Protein-coding gene in the species Homo sapiens

Golgi membrane protein 1 (GOLM1) also known as Golgi phosphoprotein 2 or Golgi membrane protein GP73 is a protein that in humans is encoded by the GOLM1 gene. Two alternatively spliced transcript variants encoding the same protein have been described for this gene.

== Function ==

The Golgi complex plays a key role in the sorting and modification of proteins exported from the endoplasmic reticulum. The protein encoded by this gene is a type II Golgi transmembrane protein. It processes protein synthesized in the rough endoplasmic reticulum and assists in the transport of protein cargo through the Golgi apparatus. The expression of this encoded protein has been observed to be upregulated in response to viral infection.

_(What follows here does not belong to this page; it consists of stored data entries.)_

(* Let $\alpha\in(1,\infty)$ and suppose $g$ satisfies Assumption 1 with this $\alpha$ and with a supergradient $g'(x^* )>0$, and also satisfies Assumption 2 with the same $\alpha$. Then in the asymptotic regime there exist constants $0<K_1\le K_2$ and $c_0$ independent of $c$ such that for all $c\ge c_0$ there is a two-price policy $\mathbf x^{\mathrm{TP}}$ with $$K_1c^{1/(\alpha+1)}\le\lambda g(x^* )-\sup_{\mathbf x\in[0,1]^c}\mathcal R(\mathbf x)\le\lambda g(x^* )-\mathcal R(\mathbf x^{\mathrm{TP}})\le K_2\,c^{1/(\alpha+1)}(\log c)^2,$$ i.e. the optimal performance loss $\tilde\Theta(c^{1/(\alpha+1)})$ among stock-dependent policies is attained (up to logarithmic factors) by a two-price policy.
   Context: Setting. Fix $c\in\mathbb N$ (number of identical units of a single reusable resource), an arrival rate $\lambda>0$ and a mean usage duration $d>0$, with $x^*:=c/(\lambda d)\in(0,1)$. Let $g:[0,1]\to\mathbb R$ be concave, non-decreasing, with $g(0)=0$ (the reward function). A stock-dependent policy is a vector $\mathbf x=(x_1,\dots,x_c)\in[0,1]^c$, where $x_j$ is the admission probability used when exactly $j$ units are available (the admission probability is $0$ when no unit is available). Its steady-state distribution is the unique probability vector $\pi=(\pi_0,\dots,\pi_c)$ satisfying $\pi_j\lambda x_j=\pi_{j-1}(c-j+1)/d$ for all $j\in\{1,\dots,c\}$, and its long-run average reward is $\mathcal R(\mathbf x)=\sum_{j=1}^c\pi_j\lambda g(x_j)$. A two-price policy with parameters $x_L,x_H\in[0,1]$ and $\tau\in\{1,\dots,c\}$ sets $x_j=x_L$ for $1\le j\le\tau$ and $x_j=x_H$ for $\tau<j\le c$. Asymptotic regime: $x^*\in(0,1)$, $d$ and $g$ are fixed, $c\to\infty$ and $\lambda=c/(x^*d)$. Assumption 1: there exist $0<\varepsilon<\min\{x^*,1-x^*\}$, $\alpha\in[1,\infty]$, $k_1\ge0$ and a supergradient $g'(x^* )\ge0$ of $g$ at $x^*$ such that $g(x)\ge g(x^* )+g'(x^* )(x-x^* )-k_1|x-x^*|^\alpha$ for all $x\in[x^*-\varepsilon,x^*+\varepsilon]$. Assumption 2: there exist $0<\varepsilon<\min\{x^*,1-x^*\}$, $\alpha\in[1,\infty]$, $k_2>0$ and a supergradient $g'(x^* )\ge0$ of $g$ at $x^*$ such that $g(x)\le g(x^* )+g'(x^* )(x-x^* )-k_2|x-x^*|^\alpha$ for all $x\in[x^*-\varepsilon,x^*+\varepsilon]$. *)

From Stdlib Require Import Reals Lra Lia ClassicalEpsilon.
From Coquelicot Require Import Coquelicot.
Open Scope R_scope.

(* real power b^a for b >= 0 (with 0^a = 0 for a > 0) *)
Definition rpow (b a : R) : R := if Rlt_dec 0 b then Rpower b a else 0.

Definition reward_function (g : R -> R) : Prop :=
  g 0 = 0 /\
  (forall x y, 0 <= x -> x <= y -> y <= 1 -> g x <= g y) /\
  (forall x y t, 0 <= x <= 1 -> 0 <= y <= 1 -> 0 <= t <= 1 ->
     t * g x + (1 - t) * g y <= g (t * x + (1 - t) * y)).

Definition supergradient (g : R -> R) (xs s : R) : Prop :=
  forall y, 0 <= y <= 1 -> g y <= g xs + s * (y - xs).

Definition assumption1 (g : R -> R) (xs alpha s : R) : Prop :=
  exists eps k1, 0 < eps /\ eps < Rmin xs (1 - xs) /\ 0 <= k1 /\
    0 <= s /\ supergradient g xs s /\
    forall x, xs - eps <= x <= xs + eps ->
      g xs + s * (x - xs) - k1 * rpow (Rabs (x - xs)) alpha <= g x.

Definition assumption2 (g : R -> R) (xs alpha s : R) : Prop :=
  exists eps k2, 0 < eps /\ eps < Rmin xs (1 - xs) /\ 0 < k2 /\
    0 <= s /\ supergradient g xs s /\
    forall x, xs - eps <= x <= xs + eps ->
      g x <= g xs + s * (x - xs) - k2 * rpow (Rabs (x - xs)) alpha.

(* A stock-dependent policy: x j in [0,1] for j = 1..c (other indices unused) *)
Definition policy (c : nat) (x : nat -> R) : Prop :=
  forall j, (1 <= j <= c)%nat -> 0 <= x j <= 1.

Definition is_steady_state (c : nat) (lam d : R) (x pi : nat -> R) : Prop :=
  (forall j, (j <= c)%nat -> 0 <= pi j) /\
  sum_f_R0 pi c = 1 /\
  forall j, (1 <= j <= c)%nat ->
    pi j * lam * x j = pi (j - 1)%nat * INR (c - j + 1) / d.

Definition steady_state (c : nat) (lam d : R) (x : nat -> R) : nat -> R :=
  epsilon (inhabits (fun _ : nat => 0)) (is_steady_state c lam d x).

Definition avg_reward (c : nat) (lam d : R) (g : R -> R) (x : nat -> R) : R :=
  sum_f 1 c (fun j => steady_state c lam d x j * lam * g (x j)).

Definition opt_reward (c : nat) (lam d : R) (g : R -> R) : R :=
  real (Lub_Rbar (fun r => exists x, policy c x /\ r = avg_reward c lam d g x)).

Definition two_price (xL xH : R) (tau : nat) : nat -> R :=
  fun j => if (j <=? tau)%nat then xL else xH.

From Stdlib Require Import Reals Lra Lia ZArith ClassicalEpsilon.
From Coquelicot Require Import Coquelicot.
Open Scope R_scope.

(** After some facts on finite sums, we construct the
    steady state of every policy (so [avg_reward] is the reward of an actual
    stationary distribution) and prove the loss decomposition: with [A] the
    mean number of available units and [gap] the distance from [g] to its
    tangent line at [xs], Little's law gives
      [lam g xs - R = lam (pi_0 gap 0 + sum_j pi_j gap x_j) + s A / d].
    - Lower bound: by concavity and Assumption 2, the gap term controls the
      total deviation [sum_j pi_j |x_j - xs|]; a potential argument along the
      balance equations shows that small deviation and small mean stock
      cannot coexist ([spreading]).  At scale [gam = c^(1/(alpha+1))] this
      forces a loss of at least [lower_const * gam] for every policy.
    - Upper bound: for prices [xs -+ 1/gam] switching at [tau ~ 2 xs gam ln c],
      the stock-out probability is at most [1/c], Assumption 1 bounds the gap
      term by [k1 gam / (xs d)], and the mean stock is [O(gam ln c)].
    The theorem combines both bounds with the supremum defining
    [opt_reward]; Assumptions 1 and 2 together make the slope positive, which
    the lower bound needs. *)

Lemma sum_nonneg (f : nat -> R) n :
  (forall i, (i <= n)%nat -> 0 <= f i) -> 0 <= sum_f_R0 f n.
Proof.
  induction n as [|n IH]; intros Hf; simpl; [apply Hf; lia|].
  assert (0 <= f (S n)) by (apply Hf; lia).
  assert (0 <= sum_f_R0 f n) by (apply IH; intros; apply Hf; lia).
  lra.
Qed.
Theorem mainTheorem17 (R : realType) (n m : nat) (T S : {poly R[i]} -> {poly R[i]})
    (a b c d : R[i]) :
  (forall (k : R[i]) (f g : {poly R[i]}), (size f <= n.+1)%N -> (size g <= n.+1)%N ->
     T (k *: f + g) = k *: T f + T g) ->
  (forall f : {poly R[i]}, (size f <= n.+1)%N -> (size (T f) <= m.+1)%N) ->
  (exists f : {poly R[i]}, (size f <= n.+1)%N /\ (size (T f) = m.+1)%N) ->
  a * d - b * c != 0 ->
  (is_half_plane (circ_dom a b c d) -> c = 0) ->
  (forall f : {poly R[i]}, (size f <= n.+1)%N ->
     (size (S f) <= m.+1)%N /\ phi a b c d m (S f) = T (phi a b c d n f)) ->
  ((forall f : {poly R[i]}, (size f = n.+1)%N -> stable (circ_dom a b c d) f ->
        stable (circ_dom a b c d) (T f) \/ T f = 0)
     <-> (forall f : {poly R[i]}, (size f = n.+1)%N -> stable (upperH (R:=R)) f ->
        stable (upperH (R:=R)) (S f) \/ S f = 0)) /\
  ((forall f : {poly R[i]}, (size f = n.+1)%N -> stable (upperH (R:=R)) f ->
        stable (upperH (R:=R)) (S f) \/ S f = 0)
     <-> (forall f : {poly R[i]}, (size f <= n.+1)%N -> stable (upperH (R:=R)) f ->
        stable (upperH (R:=R)) (S f) \/ S f = 0)) /\
  ((forall f : {poly R[i]}, (size f = n.+1)%N -> zeros_in (boundary (circ_dom a b c d)) f ->
        zeros_in (boundary (circ_dom a b c d)) (T f) \/ T f = 0)
     <-> (forall f : {poly R[i]}, (size f = n.+1)%N -> zeros_in (realLine (R:=R)) f ->
        zeros_in (realLine (R:=R)) (S f) \/ S f = 0)) /\
  ((forall f : {poly R[i]}, (size f = n.+1)%N -> zeros_in (realLine (R:=R)) f ->
        zeros_in (realLine (R:=R)) (S f) \/ S f = 0)
     <-> (forall f : {poly R[i]}, (size f <= n.+1)%N -> zeros_in (realLine (R:=R)) f ->
        zeros_in (realLine (R:=R)) (S f) \/ S f = 0)).
Proof.
(* The bound on [T] follows from [S_def], and the argument works for every
   Mobius transformation. *)
move=> T_linear _ T_max hD _ S_def.
have i_iii := T_stable_S_stable T_linear T_max hD S_def.
have iii_i := S_stable_T_stable hD S_def.
have iv_vi := T_real_S_real T_linear T_max hD S_def.
have vi_iv := S_real_T_real hD S_def.
have ii_iii H := S_upperH_closure T_linear T_max hD S_def (fun g '(And3 hs _ _) => H g hs).
have v_vi H := S_realLine_closure T_linear T_max hD S_def (fun g '(And3 hs _ _) => H g hs).
split; [|split; [|split]]; split=> H.
- by move=> f /eq_leq; apply: i_iii H f.
- exact: iii_i (ii_iii H).
- exact: ii_iii H.
- by move=> f /eq_leq; apply: H.
- by move=> f /eq_leq; apply: iv_vi H f.
- exact: vi_iv (v_vi H).
- exact: v_vi H.
- by move=> f /eq_leq; apply: H.
Qed.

== Clinical significance ==

Golgi membrane protein 1 is overexpressed in prostate cancer and lung adenocarcinoma tissue.

Blood levels of GP73 are higher in patients with liver cancer than in healthy individuals. In addition, levels were not significantly higher in patients with diseases other than liver disease. The current blood test used to screen for early tumors in people at high risk for liver cancer involves the alpha-fetoprotein (AFP). Patients who are at risk for non-metastatic, or primary, liver cancer typically have chronic liver disease such as cirrhosis. Such cases of cirrhosis are usually due to infection caused by infectious hepatitis (usually hepatitis B or hepatitis C, though there are other strains), or because of degenerative fatty liver disease (which can be especially severe in those with alcoholism). However, the AFP test is not usually sensitive enough to detect liver cancer in time and it often generates false positives. So far, the blood samples of more than 1,000 patients with various stages of liver and non-liver disease have been tested for the presence of GP73 in several studies. Several medical diagnostic companies are in the process of developing automated serum tests for the protein that could be performed in routine hospital laboratories.